I am having an issue inserting unicode into an Oracle schema, I think the database is an Oracle 11g instance but am not certain at this point. I'm using python 2.6.1 on OS X 10.6.8 (this is the system verison of python) and am using the cx-Oracle driver module version 5.1 downloaded from sourceforge.net, built and installed to a virtualenv 1.6.1 instance with site packages visible.

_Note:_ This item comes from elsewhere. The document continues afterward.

(* For every CCCP configuration $\mathcal C=\Gamma\triangleright W$: if $\mathcal C\xrightarrow{\sigma}W_1$ and $\mathcal C\xrightarrow{\sigma}W_2$, then $W_1=W_2$.
   Context: CCCP syntax. Fix a set of channels (ranged over by $c,d$) and a set of values containing data variables $x,y$ and a special error value $\mathtt{err}$; closed values $v,w$ contain no variables, and each closed value $v$ has a transmission time $\delta_v\in\mathbb{N}$ with $\delta_v\ge 1$. Expressions $e$ are built from values; closed expressions evaluate to closed values via $[\![e]\!]$. Station code (processes) is given by $P,Q ::= c!\langle e\rangle.P \mid \lfloor ?c(x).P\rfloor Q \mid \sigma.P \mid \tau.P \mid P+Q \mid [b]P,Q \mid X \mid \mathbf{0} \mid \mathrm{fix}\,X.P$, where $b$ is either $e_1=e_2$ or $\mathrm{exp}(c)$, $[b]P,Q$ is a conditional (then-branch $P$, else-branch $Q$), $\lfloor ?c(x).P\rfloor Q$ is a receiver on $c$ with timeout branch $Q$ ($x$ bound in $P$), $\sigma.P$ is a one-unit delay and $\sigma^n.P$ denotes $n$ nested delays. System terms are $W ::= P \mid \lfloor ?c(x).P\rfloor \mid W_1|W_2 \mid \nu c{:}(n,v).W$, where $\lfloor ?c(x).P\rfloor$ is an active receiver ($x$ bound in $P$) and $\nu c{:}(n,v).W$ restricts $c$ with local channel state $(n,v)$. In $\mathrm{fix}\,X.P$ every occurrence of $X$ in $P$ is guarded, i.e. lies within a broadcast prefix, a receiver continuation, a timeout branch, a $\sigma$-prefix, or a branch of a conditional. Terms are identified up to $\alpha$-conversion. A channel environment is a map $\Gamma$ from channels to $\mathbb{N}\times$(closed values); write $\Gamma\vdash_t c:n$ and $\Gamma\vdash_v c:w$ when $\Gamma(c)=(n,w)$; $c$ is idle in $\Gamma$ if $\Gamma\vdash_t c:0$ and exposed otherwise; $\Gamma[c\mapsto(n,v)]$ is $\Gamma$ updated at $c$; $\Gamma\le\Gamma'$ iff for every $c$, $\Gamma\vdash_t c:n$ and $\Gamma'\vdash_t c:m$ imply $n\le m$. A configuration $\Gamma\triangleright W$ is a channel environment together with a closed system term (no free data or process variables). Intensional semantics. Actions $\lambda$ are $c!v$, $c?v$, $\sigma$, $\tau$. The environment update $\lambda(\Gamma)$ is: $\sigma(\Gamma)(c)=(\max(n-1,0),w)$ whenever $\Gamma(c)=(n,w)$; $c!v(\Gamma)$ agrees with $\Gamma$ except at $c$, where it is $(\delta_v,v)$ if $c$ is idle in $\Gamma$ and $(\max(\delta_v,n),\mathtt{err})$ if $\Gamma\vdash_t c:n>0$; $c?v(\Gamma)=c!v(\Gamma)$; $\tau(\Gamma)=\Gamma$. The predicate $\mathrm{rcv}(W,c)$ on terms is: true for $\lfloor ?d(x).P\rfloor Q$ iff $d=c$; $\mathrm{rcv}(P+Q,c)=\mathrm{rcv}(P,c)\vee\mathrm{rcv}(Q,c)$; $\mathrm{rcv}(\mathrm{fix}\,X.P,c)=\mathrm{rcv}(P,c)$; $\mathrm{rcv}(W_1|W_2,c)=\mathrm{rcv}(W_1,c)\vee\mathrm{rcv}(W_2,c)$; $\mathrm{rcv}(\nu d{:}(n,v).W,c)=\mathrm{rcv}(W,c)$ (with $d\neq c$ by $\alpha$-conversion); false for all other forms (broadcasts, $\tau.P$, $\sigma.P$, conditionals, $X$, $\mathbf 0$, active receivers). Then $\mathrm{rcv}(\Gamma\triangleright W,c)$ holds iff $c$ is idle in $\Gamma$ and $\mathrm{rcv}(W,c)$. Transitions $\Gamma\triangleright W\xrightarrow{\lambda}W'$ are the least relation closed under: (Snd) $[\![e]\!]=v$ implies $\Gamma\triangleright c!\langle e\rangle.P\xrightarrow{c!v}\sigma^{\delta_v}.P$; (Rcv) $c$ idle in $\Gamma$ implies $\Gamma\triangleright\lfloor ?c(x).P\rfloor Q\xrightarrow{c?v}\lfloor ?c(x).P\rfloor$; (RcvIgn) $\neg\mathrm{rcv}(\Gamma\triangleright W,c)$ implies $\Gamma\triangleright W\xrightarrow{c?v}W$; (Sync) $\Gamma\triangleright W_1\xrightarrow{c!v}W_1'$ and $\Gamma\triangleright W_2\xrightarrow{c?v}W_2'$ imply $\Gamma\triangleright W_1|W_2\xrightarrow{c!v}W_1'|W_2'$, and symmetrically; (RcvPar) $\Gamma\triangleright W_i\xrightarrow{c?v}W_i'$ for $i=1,2$ imply $\Gamma\triangleright W_1|W_2\xrightarrow{c?v}W_1'|W_2'$; (TimeNil) $\Gamma\triangleright\mathbf 0\xrightarrow{\sigma}\mathbf 0$; (Sleep) $\Gamma\triangleright\sigma.P\xrightarrow{\sigma}P$; (ActRcv) $\Gamma\vdash_t c:n$, $n>1$ imply $\Gamma\triangleright\lfloor ?c(x).P\rfloor\xrightarrow{\sigma}\lfloor ?c(x).P\rfloor$; (EndRcv) $\Gamma\vdash_t c:1$, $\Gamma\vdash_v c:w$ imply $\Gamma\triangleright\lfloor ?c(x).P\rfloor\xrightarrow{\sigma}\{w/x\}P$; (Timeout) $c$ idle in $\Gamma$ implies $\Gamma\triangleright\lfloor ?c(x).P\rfloor Q\xrightarrow{\sigma}Q$; (RcvLate) $c$ exposed in $\Gamma$ implies $\Gamma\triangleright\lfloor ?c(x).P\rfloor Q\xrightarrow{\tau}\lfloor ?c(x).\{\mathtt{err}/x\}P\rfloor$; (Tau) $\Gamma\triangleright\tau.P\xrightarrow{\tau}P$; (Then)/(Else) $\Gamma\triangleright[b]P,Q\xrightarrow{\tau}\sigma.P$ if $[\![b]\!]_\Gamma$ is true and $\xrightarrow{\tau}\sigma.Q$ otherwise, where $[\![e_1=e_2]\!]_\Gamma$ is true iff $[\![e_1]\!]=[\![e_2]\!]$ and $[\![\mathrm{exp}(c)]\!]_\Gamma$ is true iff $c$ is exposed in $\Gamma$; (TimePar) $\Gamma\triangleright W_i\xrightarrow{\sigma}W_i'$ for $i=1,2$ imply $\Gamma\triangleright W_1|W_2\xrightarrow{\sigma}W_1'|W_2'$; (TauPar) $\Gamma\triangleright W_1\xrightarrow{\tau}W_1'$ implies $\Gamma\triangleright W_1|W_2\xrightarrow{\tau}W_1'|W_2$, and symmetrically; (Rec) $\Gamma\triangleright\{\mathrm{fix}\,X.P/X\}P\xrightarrow{\lambda}W$ implies $\Gamma\triangleright\mathrm{fix}\,X.P\xrightarrow{\lambda}W$; (Sum) for $\lambda\in\{\tau,c!v\}$, $\Gamma\triangleright P\xrightarrow{\lambda}W$ implies $\Gamma\triangleright P+Q\xrightarrow{\lambda}W$, and symmetrically; (SumTime) $\Gamma\triangleright P\xrightarrow{\sigma}P'$, $\Gamma\triangleright Q\xrightarrow{\sigma}Q'$ imply $\Gamma\triangleright P+Q\xrightarrow{\sigma}P'+Q'$; (SumRcv) $\Gamma\triangleright P\xrightarrow{c?v}W$ and $\mathrm{rcv}(\Gamma\triangleright P,c)$ imply $\Gamma\triangleright P+Q\xrightarrow{c?v}W$, and symmetrically; (ResI) $\Gamma[c\mapsto(n,v)]\triangleright W\xrightarrow{c!w}W'$ implies $\Gamma\triangleright\nu c{:}(n,v).W\xrightarrow{\tau}\nu c{:}(c!w(\Gamma[c\mapsto(n,v)]))(c).W'$; (ResV) $\Gamma[c\mapsto(n,v)]\triangleright W\xrightarrow{\lambda}W'$ with $c$ not occurring in $\lambda$ implies $\Gamma\triangleright\nu c{:}(n,v).W\xrightarrow{\lambda}\nu c{:}(\lambda(\Gamma[c\mapsto(n,v)]))(c).W'$. *)

From Stdlib Require Import Arith List PeanoNat.
Import ListNotations.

My script is as follows
import cx_Oracle
connection = cx_Oracle.connect(
"<name>/<password>@<host>/<service-name>"
)
cursor = connection.cursor()
result = cursor.execute(u"create table UNICODE_TEST (id NUMBER(6), text NCLOB not NULL)")
raw_text = open("test.txt",'r').read()
if isinstance(raw_text,str):
raw_text = raw_text.decode("utf_8")
statement = u"insert into UNICODE_TEST (id, text) values (1,'%s')" % raw_text
result = cursor.execute(statement)
I create a connection, create the cursor, execute a statment to create a test table with an id and text field of types NUMBER and NCLOB. I open a file containing what I know to be text encoded in UTF-8, decode the string to unicode. Create an insert statment in a unicode string and execute that statement, and the result is this error.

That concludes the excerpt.